Background: Non-invasive methods to assess the foetal genome during pregnancy will provide new opportunities to offer pregnant women a more comprehensive genetic diagnosis of their established foetus. The aim of this study was to determine the presence and frequency of foetal cells in transcervical cell (TCC) mucus samples from pregnant women and determine their suitability for early prenatal diagnosis.
Methods: Syncytiotrophoblasts in aspirated TCC mucus samples were identified by immunostaining with the foetal-specific antibody NDOG1. Genetic analysis of foetal cells was performed by laser capture microdissection and quantitative fluorescent PCR (QF-PCR).
Results: In 116 of 207 (56%) TCC samples, abundant syncytiotrophoblasts were retrieved. However, when TCC samples were stratified for the presence of chorionic villous fragments, syncytiotrophoblasts were identified in 85 of 109 (78%) samples. Significant numbers of syncytiotrophoblasts were found in TCC samples collected between 6 and 9weeks of gestation (mean 741, range 25-2884). QF-PCR analysis of NDOG1 positive syncytiotrophoblasts and matching maternal DNA confirmed their foetal origin and correct foetal cell sexing was achieved in 97% of TCC samples. The one discordant sex diagnosis was associated with a dizygotic dichorionic twin pregnancy resulting from the implantation of a female T21 embryo and a normal male embryo, where the female T21 foetus had succumbed at 6weeks of gestation and was vanishing.

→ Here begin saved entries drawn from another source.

Lemma gram_sym y x : gram y x = gram x y.
Proof.
rewrite /gram /overlap eq_sym; congr (_ + _ * _%:R); apply: eq_card => w.
by rewrite !inE andbC.
Qed.

Lemma gram_real : c \is Num.real -> forall y x, gram y x \is Num.real.
Proof. by move=> c_real y x; rewrite rpredD ?rpredM ?realn. Qed.

Lemma gram_mulE (g : T -> C) y :
  \sum_x gram y x * g x = g y + c * \sum_w (J w y)%:R * \sum_x (J w x)%:R * g x.
Proof.
under eq_bigr do rewrite mulrDl -mulrA.
rewrite big_split /= -mulr_sumr; congr (_ + c * _).
  rewrite (bigD1 y) //= eqxx mul1r big1 ?addr0 // => x /negbTE->.
  by rewrite mul0r.
transitivity (\sum_x \sum_w (J w y)%:R * ((J w x)%:R * g x)).
  apply: eq_bigr => x _; rewrite /overlap card_set_sum natr_sum mulr_suml.
  by apply: eq_bigr => w _; rewrite mulrA -natrM mulnb.
by rewrite exchange_big /=; apply: eq_bigr => w _; rewrite mulr_sumr.
Qed.

Lemma gram_form (g : T -> C) :
  \sum_y (g y)^* * \sum_x gram y x * g x =
  \sum_y (g y)^* * g y +
    c * \sum_w (\sum_x (J w x)%:R * g x)^* * \sum_x (J w x)%:R * g x.
Proof.
under eq_bigr do rewrite gram_mulE mulrDr mulrCA.
rewrite big_split /= -mulr_sumr; congr (_ + c * _).
transitivity (\sum_y \sum_w (g y)^* * ((J w y)%:R * \sum_x (J w x)%:R * g x)).
  by apply: eq_bigr => y _; rewrite mulr_sumr.
rewrite exchange_big /=; apply: eq_bigr => w _.
rewrite rmorph_sum mulr_suml; apply: eq_bigr => y _.
by rewrite rmorphM /= conjC_nat mulrCA mulrA.
Qed.
(* Let $X \sim \pi_0$ on $\mathcal{X}$, let $X \to W \to Z = M(W)$ be a Markov chain where $M$ is $\varepsilon$-locally differentially private in the density sense (there is a $\sigma$-finite $\mu$ with $M(w)$ having density $q(\cdot\mid w)$ w.r.t. $\mu$ and $q(z\mid w)\le e^{\varepsilon} q(z\mid w')$ for all $z,w,w'$). Let $f : \mathcal{X} \to \mathbb{R}^k$ be measurable, $L_{\rm rec} : \mathbb{R}^k \times \mathbb{R}^k \to \mathbb{R}_+$ a measurable loss, $\alpha \ge 0$ and $p(\alpha) \in [0,1]$. Suppose that \[ \mathbb{P}_{\pi_0}\big(L_{\rm rec}(f(X), v_0) \le \alpha\big) \le p(\alpha) \quad \text{for all fixed } v_0 \in \mathbb{R}^k. \] Then $M$ is $(\alpha, e^{\varepsilon} p(\alpha), f)$-protected against reconstruction for $L_{\rm rec}$; that is, for every measurable estimator $\widehat v : \mathcal{Z} \to \mathbb{R}^k$ and (almost) every $z$, \[ \mathbb{P}\big(L_{\rm rec}(f(X), \widehat v(z)) \le \alpha \,\big|\, Z = z\big) \le e^{\varepsilon} p(\alpha). \]
   Context: $\varepsilon$-local differential privacy of $M$: $\mathbb{P}(M(w)\in S)\le e^{\varepsilon}\mathbb{P}(M(w')\in S)$ for all inputs $w,w'$ and measurable $S$. A mechanism $M$ is $(\alpha,p,f)$-protected against reconstruction for loss $L_{\rm rec}$ if for every estimator $\widehat v:\mathcal Z\to\mathbb R^k$, $\sup_z \mathbb P(L_{\rm rec}(f(X),\widehat v(z))\le\alpha \mid M(W)=z)\le p$. *)

From HB Require Import structures.
From mathcomp Require Import all_boot all_order all_algebra.
From mathcomp Require Import all_classical all_reals all_analysis.
Set Implicit Arguments. Unset Strict Implicit. Unset Printing Implicit Defensive.
Import Order.TTheory GRing.Theory Num.Theory.
Import numFieldNormedType.Exports.
Local Open Scope classical_set_scope.
Local Open Scope ring_scope.

Definition Rk (R : realType) (k : nat) : measurableType _ :=
  g_sigma_algebraType (@open 'rV[R]_k).

Definition ldp_density (R : realType) (W Z : Type) (q : W -> Z -> R) (eps : R) :=
  forall z w w', q w z <= expR eps * q w' z.

(* Joint law of (X, Z) for the Markov chain X -> W -> Z = M(W) with
   X ~ pi0, W | X=x ~ kappa x, and Z | W=w having density q w . wrt mu. *)
Definition jointXZ (R : realType) dX dW dZ (X : measurableType dX)
  (W : measurableType dW) (Z : measurableType dZ)
  (pi0 : {measure set X -> \bar R}) (kappa : X -> {measure set W -> \bar R})
  (mu : {measure set Z -> \bar R}) (q : W -> Z -> R) (C : set (X * Z)) : \bar R :=
  (\int[pi0]_x \int[kappa x]_w \int[mu]_z ((\1_C (x, z))%:E * (q w z)%:E))%E.

Definition lawZ (R : realType) dX dW dZ (X : measurableType dX)
  (W : measurableType dW) (Z : measurableType dZ)
  (pi0 : {measure set X -> \bar R}) (kappa : X -> {measure set W -> \bar R})
  (mu : {measure set Z -> \bar R}) (q : W -> Z -> R) (B : set Z) : \bar R :=
  jointXZ pi0 kappa mu q (setT `*` B).

(* g is a version of the conditional probability P((X,Z) \in E | Z), i.e.
   g(z) = P(E | Z = z): g is measurable and for every measurable B,
   P(E /\ Z \in B) = \int_B g d(law of Z)   (the latter written as the
   integral against the composite measure defining the law of Z). *)
Definition cond_prob_given_Z (R : realType) dX dW dZ (X : measurableType dX)
  (W : measurableType dW) (Z : measurableType dZ)
  (pi0 : {measure set X -> \bar R}) (kappa : X -> {measure set W -> \bar R})
  (mu : {measure set Z -> \bar R}) (q : W -> Z -> R) (E : set (X * Z))
  (g : Z -> R) :=
  measurable_fun setT g /\
  forall B : set Z, measurable B ->
    jointXZ pi0 kappa mu q (E `&` (setT `*` B)) =
    (\int[pi0]_x \int[kappa x]_w \int[mu]_(z in B) ((g z)%:E * (q w z)%:E))%E.

From HB Require Import structures.
From mathcomp Require Import all_boot all_order all_algebra.
From mathcomp Require Import all_classical all_reals all_analysis.
From mathcomp Require Import measurable_realfun.
Set Implicit Arguments. Unset Strict Implicit. Unset Printing Implicit Defensive.
Import Order.TTheory GRing.Theory Num.Theory.
Import numFieldNormedType.Exports.
Local Open Scope classical_set_scope.
Local Open Scope ring_scope.

(* Let m(z) = E_X[Q(X, z)] be the density of Z w.r.t. mu, where Q(x, z) is the
   density of Z given X = x.  Local differential privacy gives
   Q(x, z) <= e^eps m(z), so for every measurable S,
     P(L(f X, vhat Z) <= alpha, Z in S)
       = int_S int 1[L(f x, vhat z) <= alpha] Q(x, z) dpi0(x) dmu(z)
      <= e^eps int_S pi0(L(f X, vhat z) <= alpha) m(z) dmu(z)
      <= e^eps p int_S m dmu.
   The left-hand side is int_S g m dmu, so g has average at most e^eps p on
   every subset of {g > e^eps p}, which forces that set to be m dmu-null. *)

Local Open Scope ereal_scope.

Lemma integral_set_indic d (T : measurableType d) (R : realType)
    (mu : {measure set T -> \bar R}) (S : set T) (f : T -> \bar R) :
  \int[mu]_(x in S) f x = \int[mu]_x ((\1_S x)%:E * f x).
Proof.
by rewrite integral_mkcond epatch_indic; apply: eq_integral => x _ /=; rewrite muleC.
Qed.

Lemma sigma_finite_measureP d (T : measurableType d) (R : realType)
    (mu : {measure set T -> \bar R}) : sigma_finite setT mu ->
  exists nu : {sigma_finite_measure set T -> \bar R},
    mu = nu :> {measure set T -> \bar R}.
Proof.
move=> mu_sigma.
pose mu_sfinite := isSFinite.Build _ _ _ _ (sfinite_measure_sigma_finite mu_sigma).
pose mu_sigma' := isSigmaFinite.Build _ _ _ _ mu_sigma.
exists (HB.pack_for (SigmaFiniteMeasure.type T R) (Measure.sort mu)
  mu_sfinite mu_sigma').
exact: eq_measure.
Qed.

Lemma sigma_finite_fubini_tonelli (R : realType) d1 d2
    (T1 : measurableType d1) (T2 : measurableType d2)
    (m1 : {measure set T1 -> \bar R}) (m2 : {measure set T2 -> \bar R})
    (f : T1 * T2 -> \bar R) :
  sigma_finite setT m1 -> sigma_finite setT m2 ->
  measurable_fun setT f -> (forall z, 0 <= f z) ->
  \int[m1]_x \int[m2]_y f (x, y) = \int[m2]_y \int[m1]_x f (x, y).
Proof.
move=> /sigma_finite_measureP[m1' ->] /sigma_finite_measureP[m2' ->].
exact: fubini_tonelli.
Qed.

Lemma sigma_finite_fkernel d d' (X : measurableType d) (Y : measurableType d')
    (R : realType) (k : R.-fker X ~> Y) (x : X) : sigma_finite setT (k x).
Proof.
apply: fin_num_fun_sigma_finite; first by rewrite measure0.
exact: kernel_finite_transition.
Qed.

Section integral_mass1.
Context d (T : measurableType d) (R : realType) (P : {measure set T -> \bar R}).
Hypothesis P1 : P setT = 1.
Variable f : T -> \bar R.
Hypotheses (mf : measurable_fun setT f) (f_ge0 : forall x, 0 <= f x).

Lemma integral_le_mass1 a : (forall x, f x <= a) -> \int[P]_x f x <= a.
Proof.
move=> fa; rewrite -[leRHS]mule1 -P1 -integral_cst //.
by apply: ge0_le_integral => // x _; exact: fa.
Qed.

Conclusions: Syncytiotrophoblasts can be successfully isolated from TCC samples and represent a suitable source of cells for genetic analysis of the established foetus in early pregnancy. The study highlights a vanishing twin as a potential cause for discordant non-invasive prenatal test results.
Keywords: Down syndrome; Laser capture microdissection; Non-invasive prenatal diagnosis; Quantitative fluorescent-PCR; Transcervical cell sampling; Vanishing twin.